(Provided data Opens)

Theorem mainTheorem12 :
  exists C : R, 1 <= C /\
    forall (n : nat) (x y : R), (1 <= n)%nat ->
      nstar n < x -> - nstar n < y ->
      exists q : R,
        improper_integral_to (q_integrand n x y) (- nstar n) q /\
        / C * Bfun n x y <= q /\ q <= C * Bfun n x y.
Proof.
  pose proof PI2_3_2 as Hpi.
  exists (16 * PI * PI). split; [nra|].
  intros n x y Hn Hx Hy.
  assert (Ha : 1 / 2 <= nstar n) by (unfold nstar; apply le_INR in Hn; simpl in Hn; lra).
  destruct (integrand_improper_bounds (nstar n) x y Ha Hx Hy) as [q [Hq [Hlow Hup]]].
  exists q. split; [exact Hq|].
  unfold Bfun. rewrite logquot_logq.
  replace (2 * INR n) with (2 * nstar n + 1) by (unfold nstar; lra).
  set (L := logq (x + (2 * nstar n + 1)) (y + (2 * nstar n + 1))) in *.
  set (S := sqrt ((x - nstar n) / (nstar n + y))) in *.
  assert (HL : 0 < L) by (apply logq_pos; lra).
  assert (HS : 0 <= S) by apply sqrt_pos.
  rewrite Rabs_pos_eq by lra.
  assert (HB : S * L = PI * PI * (S / (PI * PI) * L)) by (field; lra).
  rewrite HB. split.
  - replace (/ (16 * PI * PI) * (PI * PI * (S / (PI * PI) * L)))
      with (S / (PI * PI) * L / 16) by (field; lra). exact Hlow.
  - assert (HKL : 0 <= S / (PI * PI) * L)
      by (apply Rmult_le_pos; [apply Rmult_le_pos; [lra | left; apply Rinv_0_lt_compat; nra] | lra]).
    apply Rle_trans with (19 * (S / (PI * PI) * L)); [lra|].
    replace (16 * PI * PI * (PI * PI * (S / (PI * PI) * L)))
      with (16 * PI * PI * (PI * PI) * (S / (PI * PI) * L)) by ring.
    assert (Hpi2 : 9 <= PI * PI) by nra.
    apply Rmult_le_compat_r; [exact HKL | nra].
Qed.
Theorem mainTheorem15 (L : finFieldType) (q : nat)
  (hq : exists p k : nat, [/\ prime p, (0 < k)%N & q = (p ^ k)%N])
  (hL : #|L| = (q ^ 6)%N) :
  (forall P, P \in Yset L q -> forall y, y \in P ->
      pt q (Fmap q y) \in Eset L q :\: Cset L q)
  /\ ({in Yset L q &, injective (projV q)}
      /\ projV q @: Yset L q = Eset L q :\: Cset L q).
Proof.
have [p [k [p_prime k_gt0 q_eq]]] := hq.
have q_gt1 : (1 < q)%N by rewrite q_eq -[1%N](expn0 p) ltn_exp2l ?prime_gt1.
have p_char : p \in [pchar L].
  by apply: (card_finPcharP (n := k * 6)); rewrite // hL q_eq expnM.
have exprDq (x y : L) : (x + y) ^+ q = x ^+ q + y ^+ q.
  by apply: exprDn_pchar; rewrite (eq_pnat _ (pcharf_eq p_char)) q_eq pnatX pnat_id.
have expr_q6 (x : L) : x ^+ (q ^ 6) = x by rewrite -hL expf_card.
split; first by move=> P hP y; apply: Yset_Fmap_in_EsetDC.
by split; [apply: projV_Yset_inj | apply: projV_Yset].
Qed.
Let integral_bad_powR_small i : almost_sharp eps ->
  (\int[mu]_(x in bad (q ^+ 2)) (`|f i x| `^ p i)%:E <=
    (holder_stability_bound eps)%:E * ('N[mu]_((p i)%:E)[EFin \o f i]) `^ (p i))%E.
Proof.
move=> hyp; rewrite LnormE poweR_EFin -EFinM.
have sq_gt0 : 0 < q ^+ 2 by rewrite exprn_gt0.
apply: le_trans (integral_bad_powR_le i eps_le sq_gt0 hyp) _; rewrite lee_fin.
have -> : r i `^ p i * (p i / P) * ((q ^+ 2)^-1 * (2 * P * eps)) =
    2 * p i * q ^+ 2 * r i `^ p i.
  by rewrite eps_q; field; rewrite !gt_eqF.
rewrite ler_wpM2r ?powR_ge0 //.
apply: (@le_trans _ _ (2 * p i * q)); last exact: ler_wpM2r (ltW q_gt0) _ _ (K_ge_p i).
apply: ler_wpM2l; first by rewrite mulr_ge0 // ltW.
by rewrite expr2; apply: ler_piMl; [exact: ltW | have := q_le; lra].
Qed.

Let sandwich_small x j : ~ bad (q ^+ 2) x ->
  (1 - lambda * q) ^+ 2 * A x <= g j x <= (1 + lambda * q) ^+ 2 * A x.
Proof.
move=> notbad; apply: sandwich_off_bad notbad => //.
by case/andP: lambda_q => y0 y1; apply/andP; split => //; lra.
Qed.

Let G_near_A x : ~ bad (q ^+ 2) x -> (1 - (lambda * q) ^+ 2) * A x <= G x <= A x.
Proof.
move=> notbad; rewrite G_le_A andbT; apply: (@le_trans _ _ ((1 - q ^+ 2) * A x)).
  apply: ler_wpM2r => //; rewrite lerD2l lerN2; apply: le_trans lambda_sq.
  by rewrite ler_peMl // exprn_ge0 // ltW.
by move/negP: notbad; rewrite -leNgt.
Qed.
Definition katetov_space : FinUltra :=
  @Build_FinUltra kpt kdst kle kzero kle_refl kle_anti kle_trans kle_total
    kzero_least kd kd_sym kd_eq0 kd_ultra.

End Katetov.

Lemma lex_code_mono (m n m' n' : nat) (b b' : bool) :
  (m <= n) = (m' <= n') -> (n <= m) = (n' <= m') ->
  (2 * m + b <= 2 * n + b') = (2 * m' + b <= 2 * n' + b').
Proof.
by case: (leqP m n) (leqP n m) (leqP m' n') (leqP n' m') => [] // ? [] ? [] ? [] ? //= _ _;
  case: b b' => [] []; apply/idP/idP; lia.
Qed.

Section PushForward.
Variables (X Y : FinUltra) (f : dcEmb X Y).
Implicit Types (u v : katetov_fun X) (x : pts X) (z : pts Y).

Definition kpush_fun u : {ffun pts Y -> dst Y} :=
  [ffun z => dmin (fun x => dmax (emb_d f (val u x)) (d (emb_pt f x) z))].

Lemma kpush_fun_le u z x :
  drank (kpush_fun u z) <= maxn (drank (emb_d f (val u x))) (drank (d (emb_pt f x) z)).
Proof.
by rewrite ffunE -drank_max (dmin_le (fun x => dmax (emb_d f (val u x)) (d (emb_pt f x) z))).
Qed.

Lemma kpush_fun_attained u z :
  exists x, kpush_fun u z = dmax (emb_d f (val u x)) (d (emb_pt f x) z).
Proof.
have /card_gt0P[x0 _] := katetov_card_gt0 u; rewrite ffunE.
exact: (dmin_attained (fun x => dmax (emb_d f (val u x)) (d (emb_pt f x) z)) x0).
Qed.

Lemma kpush_fun_emb u x : kpush_fun u (emb_pt f x) = emb_d f (val u x).
Proof.
rewrite ffunE -[in RHS](katetov_dmin u x) emb_dmin; apply: eq_dmin => t.
by rewrite /= emb_dmax emb_dist.
Qed.

Lemma katetov_kpush_fun u : katetov (kpush_fun u).
Proof.
have /card_gt0P[x0 _] := katetov_card_gt0 u.
apply/katetovP; split=> [|z z'|z z']; first by apply/card_gt0P; exists (emb_pt f x0).
- have [x ->] := kpush_fun_attained u z'; rewrite drank_max.
  have := kpush_fun_le u z x; have := drank_ultra (emb_pt f x) z' z.
  by rewrite (d_sym z' z); lia.
- have [x ->] := kpush_fun_attained u z; have [y ->] := kpush_fun_attained u z'.
  have tri := katetov_triangle u x y; rewrite -(drank_emb_max f) -emb_dist in tri.
  have := drank_ultra z (emb_pt f x) z'; have := drank_ultra (emb_pt f x) (emb_pt f y) z'.
  by rewrite !drank_max (d_sym z (emb_pt f x)); lia.
Qed.

Definition kpush u : katetov_fun Y := exist _ (kpush_fun u) (katetov_kpush_fun u).

Lemma kpush_inj : injective kpush.
Proof.
move=> u v /(congr1 val) /= e; apply: val_inj; apply/ffunP => x.
by apply: (emb_d_inj (f := f)); rewrite -!kpush_fun_emb e.
Qed.

Lemma kdist_kpush u v : kdist (kpush u) (kpush v) = emb_d f (kdist u v).
Proof.
have /card_gt0P[x0 _] := katetov_card_gt0 u.
have [x ex] := dmin_attained (fun x => dmax (val u x) (val v x)) x0.
rewrite /kdist ex; apply: dmin_eq => [z|]; last first.
  by exists (emb_pt f x); rewrite /= !kpush_fun_emb emb_dmax.
rewrite /=; have [y ->] := kpush_fun_attained u z; have [y' ->] := kpush_fun_attained v z.
have min_y : drank (emb_d f (dmax (val u x) (val v x)))
             <= drank (emb_d f (dmax (val u y) (val v y))).
  by rewrite drank_emb -ex (dmin_le (fun x => dmax (val u x) (val v x)) y).
have lip := katetov_lipschitz v y y'; rewrite -(drank_emb_max f) -emb_dist in lip.
have := drank_ultra (emb_pt f y) z (emb_pt f y').
move: min_y; rewrite !emb_dmax !drank_max (d_sym z (emb_pt f y')); lia.
Qed.

End PushForward.

Lemma kpush_id (X : FinUltra) (u : katetov_fun X) : kpush (dc_id X) u = u.
Proof. by apply: val_inj; apply/ffunP => x; apply: (kpush_fun_emb (dc_id X) u x). Qed.
(* Upper bound: |f_N(k_n)| <= 3/theta_n + 3/(pi - theta_n) + 2, the two singular
   parts contribute equally by symmetry, and 3/theta_n <= 2N/(n+1). *)
Lemma gamma0_le K : (1 <= K)%nat ->
  gamma0 (2 * K) <= 6 * INR (2 * K) + 4 * INR (2 * K) * ln (INR (2 * K)).
Proof.
intros HK. set (N := (2 * K)%nat).
assert (HN : INR N = 2 * INR K) by (unfold N; rewrite mult_INR; simpl; ring).
assert (Hterm : sumR (fun n => Rabs (f_N N (k_n N n))) N
                <= sumR (fun n => 3 / node_angle K n + 3 / (PI - node_angle K n) + 2) N).
{ apply sumR_le. intros n Hn.
  pose proof (abs_cot_le (node_angle K n) (proj1 (node_angle_range K n Hn))).
  pose proof (abs_f_N_at_node K n Hn) as Hf. cbv zeta in Hf. fold N in Hf. lra. }
assert (Hreflect : sumR (fun n => 3 / (PI - node_angle K n)) N = sumR (fun n => 3 / node_angle K n) N).
{ rewrite <- (sumR_rev N (fun n => 3 / node_angle K n)). apply sumR_ext. intros n Hn.
  now rewrite node_angle_reflect. }
assert (Hharm : sumR (fun n => 3 / node_angle K n) N <= 2 * INR N * Harm N).
{ unfold Harm. rewrite <- sumR_scal. apply sumR_le. intros n _.
  pose proof (inv_node_angle_bounds K n HK). pose proof (pos_INR n).
  unfold Rdiv in *. rewrite HN. lra. }
pose proof (Harm_le_ln N ltac:(unfold N; lia)).
assert (0 <= INR N) by apply pos_INR.
assert (2 * INR N * Harm N <= 2 * INR N * (1 + ln (INR N))) by (apply Rmult_le_compat_l; lra).
rewrite gamma0_sumR. fold N.
rewrite !sumR_plus, sumR_const, Hreflect in Hterm. lra.
Qed.

(* Lower bound from the first K nodes only, where theta_n <= pi/2 and
   |f_N(k_n)| >= 1/theta_n - 3 >= (K/2)/(n+1) - 3. *)
Lemma gamma0_ge K : (1 <= K)%nat ->
  INR K / 2 * ln (INR K + 1) - 3 * INR K <= gamma0 (2 * K).
Proof.
intros HK. assert (1 <= INR K) by (apply (le_INR 1); exact HK).
assert (Hfirst : sumR (fun n => INR K / 2 * / (INR n + 1) + -3) K
                 <= sumR (fun n => Rabs (f_N (2 * K) (k_n (2 * K) n))) K).
{ apply sumR_le. intros n Hn.
  destruct (node_angle_range K n ltac:(lia)) as [Hrange Hhalf].
  pose proof (abs_cot_ge (node_angle K n) (conj (proj1 Hrange) (Hhalf Hn))).
  pose proof (abs_f_N_at_node K n ltac:(lia)) as Hf. cbv zeta in Hf.
  pose proof (inv_node_angle_bounds K n HK). unfold Rdiv in *. lra. }
rewrite sumR_plus, sumR_scal, sumR_const in Hfirst. fold (Harm K) in Hfirst.
pose proof (Harm_ge_ln K).
assert (INR K / 2 * ln (INR K + 1) <= INR K / 2 * Harm K) by (apply Rmult_le_compat_l; lra).
rewrite gamma0_sumR.
pose proof (sumR_prefix_le (fun n => Rabs (f_N (2 * K) (k_n (2 * K) n))) K (2 * K)
              (fun n => Rabs_pos _) ltac:(lia)).
lra.
Qed.

Lemma gamma0_Theta K : (1 <= K)%nat -> 14 <= ln (INR (2 * K)) ->
  1 / 8 * INR (2 * K) * ln (INR (2 * K)) <= gamma0 (2 * K) <=
  10 * INR (2 * K) * ln (INR (2 * K)).
Proof.
intros HK HL. assert (1 <= INR K) by (apply (le_INR 1); exact HK).
assert (HN : INR (2 * K) = 2 * INR K) by (rewrite mult_INR; simpl; ring).
pose proof (gamma0_le K HK). pose proof (gamma0_ge K HK).
set (L := ln (INR (2 * K))) in *. rewrite HN in *.
assert (HlnK : L <= 1 + ln (INR K + 1)).
{ assert (ln (INR K) <= ln (INR K + 1)) by (apply ln_le_compat; lra).
  assert (L = ln 2 + ln (INR K)) by (unfold L; rewrite HN; apply ln_mult; lra).
  pose proof (ln_le_sub1 2 ltac:(lra)). lra. }
assert (INR K / 2 * (L - 1) <= INR K / 2 * ln (INR K + 1)) by (apply Rmult_le_compat_l; lra).
split; nra.
Qed.

(* ln N >= 14 as soon as N >= 3^14, since ln 3 >= 1. *)
Lemma ln_ge_14 N : (3 ^ 14 <= N)%nat -> 14 <= ln (INR N).
Proof.
intros HN. apply le_INR in HN. rewrite pow_INR in HN.
replace (INR 3) with 3 in HN by (simpl; lra).
assert (H3 : 0 < 3 ^ 14) by (apply pow_lt; lra).
pose proof (ln_le_compat _ _ H3 HN) as Hln. rewrite ln_pow in Hln by lra.
assert (Hln3 : ln (exp 1) <= ln 3) by (apply ln_le_compat; [apply exp_pos | exact exp_le_3]).
rewrite ln_exp in Hln3. replace (INR 14) with 14 in Hln by (simpl; lra).
lra.
Qed.

Lemma I0_bounds N T c C L : 0 < T -> 0 <= c * INR N * L ->
  c * INR N * L <= gamma0 N <= C * INR N * L ->
  (c / 2) ^ 2 * (T ^ 2 * INR N ^ 2 * L ^ 2) <= I0 N T <=
  (C / 2) ^ 2 * (T ^ 2 * INR N ^ 2 * L ^ 2).
Proof.
intros HT Hlo [Hgl Hgu]. unfold I0.
assert (HT2 : 0 <= T ^ 2) by (apply pow_le; lra).
replace ((c / 2) ^ 2 * (T ^ 2 * INR N ^ 2 * L ^ 2)) with ((c * INR N * L / 2) ^ 2 * T ^ 2) by field.
replace ((C / 2) ^ 2 * (T ^ 2 * INR N ^ 2 * L ^ 2)) with ((C * INR N * L / 2) ^ 2 * T ^ 2) by field.
split; apply Rmult_le_compat_r; try exact HT2; apply pow_incr; lra.
Qed.

Theorem mainTheorem6 :
  exists (c C : R) (N0 : nat),
    0 < c /\ c <= C /\
    (forall N : nat, (4 <= N)%nat -> Nat.Even N -> (N0 <= N)%nat ->
       c * INR N * ln (INR N) <= gamma0 N <= C * INR N * ln (INR N) /\
       (forall T : R, 0 < T ->
          (c / 2) ^ 2 * (T ^ 2 * INR N ^ 2 * ln (INR N) ^ 2) <= I0 N T <=
          (C / 2) ^ 2 * (T ^ 2 * INR N ^ 2 * ln (INR N) ^ 2))).
Proof.
exists (1 / 8), 10, (3 ^ 14)%nat.
split; [lra | split; [lra |]].
intros N HN4 [K ->] Hlarge.
pose proof (ln_ge_14 _ Hlarge) as HL.
assert (HK : (1 <= K)%nat) by lia.
pose proof (gamma0_Theta K HK HL) as Hgamma.
split; [exact Hgamma |].
intros T HT. apply I0_bounds; [exact HT | | exact Hgamma].
assert (0 < INR (2 * K)) by (apply lt_0_INR; lia). nra.
Qed.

(Provided data Closes)

Goal of the exercise:
Go through the entries above and report each line with the string "Hlarge" in it.

Result below:
intros N HN4 [K ->] Hlarge.
pose proof (ln_ge_14 _ Hlarge) as HL.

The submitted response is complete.